What should you filter out before trusting co-change pairs in a monorepo?
Start with pure refactors, rename/move noise, formatter-only commits, generated file churn, and broad dependency bumps. Those are the usual sources of false edges. Then normalize by churn so one large commit does not dominate the score.
Can co-change analysis be used for ownership and blast radius in a large repo?
Yes, but only after guardrails. It works well when you use it as one input among several, especially for repeated semantic edits and stable module boundaries. Used raw, it will misassign owners and overstate blast radius after a monorepo refactor.

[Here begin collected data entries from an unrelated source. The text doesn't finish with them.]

(* Let $\mathbb{F}$ be the finite field of order $q$ and let $M_1$ and $M_2$ be orthogonal sudoku solutions of order $q^2$ generated by sudoku flags $Z_1=(g_1,V_1)$ and $Z_2=(g_2,V_2)$, respectively. If the composite solution $N_{12}$ is a sudoku solution, then it is a linear sudoku solution generated by the two-dimensional subspace $g_{12}=V_1\cap V_2$, i.e. for each symbol the set of locations of $N_{12}$ housing that symbol is a coset of $V_1\cap V_2$.
   Context: Locations of a sudoku solution of order $q^2$ are identified with vectors $(x_1,x_2,x_3,x_4)\in\mathbb{F}^4$: $x_1$ is the large row, $x_2$ the row within the large row, $x_3$ the large column, $x_4$ the column within the large column; rows, columns and subsquares are the sets of locations with fixed $(x_1,x_2)$, $(x_3,x_4)$, $(x_1,x_3)$ respectively. A sudoku solution of order $q^2$ assigns symbols $\{0,\dots,q^2-1\}$ to locations so that each symbol occurs exactly once in every row, column and subsquare; two are orthogonal if upon superimposition each ordered pair of symbols occurs exactly once. Each symbol $x=b_qq+b_1$ ($b_q,b_1\in\{0,\dots,q-1\}$) has radix digit $b_q$. The composite solution $N_{12}$ of $M_1,M_2$ assigns to each location the symbol $q\,r_1+r_2$, where $r_i$ is the radix digit of the symbol of $M_i$ at that location. A flag is a pair $(g,V)$ of subspaces of $\mathbb{F}^4$ with $\dim g=2$, $\dim V=3$, $g\subset V$; it is a sudoku flag if every coset of $g$ meets every row, column and subsquare in exactly one location. A sudoku solution $M$ generated by a sudoku flag $(g,V)$ is a sudoku solution of order $q^2$ in which each coset of $g$ is exactly the set of locations of one symbol and each coset of $V$ is exactly the set of locations whose symbols have one given radix digit. *)

From HB Require Import structures.
From mathcomp Require Import all_boot all_order all_algebra all_field.
Set Implicit Arguments. Unset Strict Implicit. Unset Printing Implicit Defensive.
Import GRing.Theory.
Local Open Scope ring_scope.

(* Locations are vectors (x1,x2,x3,x4) in F^4, encoded as row vectors 'rV[F]_4;
   coordinate x_(i+1) is  x 0 (ci).  *)
Definition c0 : 'I_4 := @Ordinal 4 0 isT.
Definition c1 : 'I_4 := @Ordinal 4 1 isT.
Definition c2 : 'I_4 := @Ordinal 4 2 isT.
Definition c3 : 'I_4 := @Ordinal 4 3 isT.

Section Sudoku.
Variable F : finFieldType.

Notation loc := 'rV[F]_4.
Definition ord_q : nat := #|F|.

Definition row_set (a b : F) : {set loc} := [set x : loc | (x 0 c0 == a) && (x 0 c1 == b)].
Definition col_set (a b : F) : {set loc} := [set x : loc | (x 0 c2 == a) && (x 0 c3 == b)].
Definition box_set (a b : F) : {set loc} := [set x : loc | (x 0 c0 == a) && (x 0 c2 == b)].

Definition coset_of (U : {vspace loc}) (a : loc) : {set loc} :=
  [set x : loc | (x - a) \in U].

Definition sym_set (M : loc -> nat) (s : nat) : {set loc} := [set x : loc | M x == s].

Definition sudoku_solution (M : loc -> nat) : Prop :=
  (forall x, (M x < ord_q ^ 2)%N) /\
  forall s, (s < ord_q ^ 2)%N -> forall a b : F,
    [/\ #|sym_set M s :&: row_set a b| = 1%N,
        #|sym_set M s :&: col_set a b| = 1%N &
        #|sym_set M s :&: box_set a b| = 1%N].

Definition orthogonal_sol (M1 M2 : loc -> nat) : Prop :=
  forall s t, (s < ord_q ^ 2)%N -> (t < ord_q ^ 2)%N ->
    #|sym_set M1 s :&: sym_set M2 t| = 1%N.

(* radix digit b_q of x = b_q q + b_1 *)
Definition radix (s : nat) : nat := (s %/ ord_q)%N.

Definition sudoku_flag (g V : {vspace loc}) : Prop :=
  [/\ \dim g = 2%N, \dim V = 3%N, (g <= V)%VS &
      forall (c : loc) (a b : F),
        [/\ #|coset_of g c :&: row_set a b| = 1%N,
            #|coset_of g c :&: col_set a b| = 1%N &
            #|coset_of g c :&: box_set a b| = 1%N]].

Definition generated_by_flag (M : loc -> nat) (g V : {vspace loc}) : Prop :=
  [/\ sudoku_flag g V, sudoku_solution M,
      (forall c : loc, exists s, coset_of g c = sym_set M s) &
      (forall c : loc, exists d, coset_of V c = [set x : loc | radix (M x) == d])].

Definition composite (M1 M2 : loc -> nat) : loc -> nat :=
  fun x => (ord_q * radix (M1 x) + radix (M2 x))%N.

End Sudoku.

From HB Require Import structures.
From mathcomp Require Import all_boot all_order all_algebra all_field.
Set Implicit Arguments. Unset Strict Implicit. Unset Printing Implicit Defensive.
Import GRing.Theory.
Local Open Scope ring_scope.

(* Two points of a composite solution carry the same symbol exactly when they
   carry the same pair of radix digits, i.e. when they lie in a common coset of
   V1 and of V2, hence of V1 :&: V2.  So the symbol classes of N12 are cosets of
   V1 :&: V2.  Since N12 is a sudoku solution each symbol occurs once in each of
   the q^2 rows, so these cosets have q^2 = q^(dim (V1 :&: V2)) points. *)

Lemma base_digits_inj (q a b c d : nat) : (b < q)%N -> (d < q)%N ->
  (q * a + b = q * c + d)%N -> a = c /\ b = d.
Proof.
move=> bq dq e; have q_gt0 : (0 < q)%N by apply: leq_ltn_trans bq.
have := congr1 (divn^~ q) e; have := congr1 (modn^~ q) e.
rewrite /= !(mulnC q) !modnMDl !divnMDl // !modn_small // !divn_small //.
by rewrite !addn0.
Qed.

Section Sudoku.
Variable F : finFieldType.
Notation loc := 'rV[F]_4.
Notation q := (ord_q F).

Lemma ord_q_gt1 : (1 < q)%N.
Proof. exact: finNzRing_gt1. Qed.

Lemma card_coset_of (U : {vspace loc}) c : #|coset_of U c| = (q ^ \dim U)%N.
Proof.
rewrite -card_vspace.
have -> : coset_of U c = (+%R^~ c) @: [set x | x \in U].
  apply/setP => x; rewrite inE; apply/idP/imsetP => [xcU | [y]].
    by exists (x - c); rewrite ?inE ?subrK.
  by rewrite inE => yU ->; rewrite addrK.
by rewrite card_imset; [apply: eq_card => x; rewrite inE | apply: addIr].
Qed.

Lemma card_sym_set (N : loc -> nat) s : sudoku_solution N ->
  (s < q ^ 2)%N -> #|sym_set N s| = (q ^ 2)%N.
Proof.
case=> _ /(_ s) rows_s /rows_s {}rows_s.
pose row_of (x : loc) := (x 0 c0, x 0 c1).
rewrite -sum1_card (partition_big row_of xpredT) //=.
rewrite -[(q ^ 2)%N]card_prod -sum1_card; apply: eq_bigr => -[a b] _.
have [row_ab _ _] := rows_s a b.
rewrite sum1_card -[RHS]row_ab; apply: eq_card => x.
by rewrite unfold_in xpair_eqE !inE.
Qed.

Lemma radix_lt_ord_q (N : loc -> nat) x : sudoku_solution N ->
  (radix F (N x) < q)%N.
Proof.
case=> /(_ x) Nx_lt _; rewrite /radix ltn_divLR -?expnSr //.
exact: ltnW ord_q_gt1.
Qed.

Lemma flag_space_radixE (M : loc -> nat) g V x y : generated_by_flag M g V ->
  ((x - y) \in V) = (radix F (M x) == radix F (M y)).
Proof.
case=> _ _ _ /(_ y) [d digit_d].
have /[!(digit_d, inE)] /eqP My : y \in coset_of V y by rewrite inE subrr mem0v.
by move/setP/(_ x): digit_d; rewrite !inE My.
Qed.

Lemma composite_sym_set (M1 M2 : loc -> nat) g1 V1 g2 V2 y :
  generated_by_flag M1 g1 V1 -> generated_by_flag M2 g2 V2 ->
  sym_set (composite M1 M2) (composite M1 M2 y) = coset_of (V1 :&: V2)%VS y.
Proof.
move=> M1flag M2flag; have [_ M2sol _ _] := M2flag.
apply/setP => x; rewrite !inE memv_cap.
rewrite (flag_space_radixE _ _ M1flag) (flag_space_radixE _ _ M2flag).
rewrite /composite; apply/eqP/andP => [same_symbol|[/eqP-> /eqP->]] //.
have M2x_lt := radix_lt_ord_q _ M2sol.
by have [-> ->] := base_digits_inj (M2x_lt x) (M2x_lt y) same_symbol; rewrite !eqxx.
Qed.

End Sudoku.

Theorem proposition4p7 (F : finFieldType) (M1 M2 : 'rV[F]_4 -> nat)
  (g1 V1 g2 V2 : {vspace 'rV[F]_4}) :
  generated_by_flag M1 g1 V1 ->
  generated_by_flag M2 g2 V2 ->
  orthogonal_sol M1 M2 ->
  sudoku_solution (composite M1 M2) ->
  \dim (V1 :&: V2)%VS = 2%N /\
  (forall s, (s < ord_q F ^ 2)%N ->
     exists c : 'rV[F]_4, sym_set (composite M1 M2) s = coset_of (V1 :&: V2)%VS c).
Proof.
move=> M1flag M2flag _ Nsol.
have sym_coset s : (s < ord_q F ^ 2)%N ->
    exists c, sym_set (composite M1 M2) s = coset_of (V1 :&: V2)%VS c.
  move=> s_lt; have /card_gt0P[y] : (0 < #|sym_set (composite M1 M2) s|)%N.
    by rewrite card_sym_set // expn_gt0 ltnW ?ord_q_gt1.
  rewrite inE => /eqP <-; exists y; exact: composite_sym_set M1flag M2flag.
split=> //.
have q2_gt0 : (0 < ord_q F ^ 2)%N by rewrite expn_gt0 ltnW ?ord_q_gt1.
have [c sym0] := sym_coset 0%N q2_gt0.
have := card_sym_set Nsol q2_gt0.
by rewrite sym0 card_coset_of => /eqP; rewrite eqn_exp2l ?ord_q_gt1 // => /eqP.
Qed.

When does git co-change analysis stop being useful?
It stops being useful when the history window is dominated by migration artifacts, generated churn, or broad mechanical sweeps. At that point the graph tells you more about how the repo was reorganized than how the code is coupled. The signal comes back once you filter or normalize for churn.
How do you tell whether co-change pairs are trustworthy enough for planning?
Ask whether the pair survives three checks: it appears in more than one non-refactor commit, the changes are semantically related, and the edge remains after you remove rename-only and mechanical commits. If all three are true, it is probably safe to use for planning, reviewer routing, or blast-radius estimates.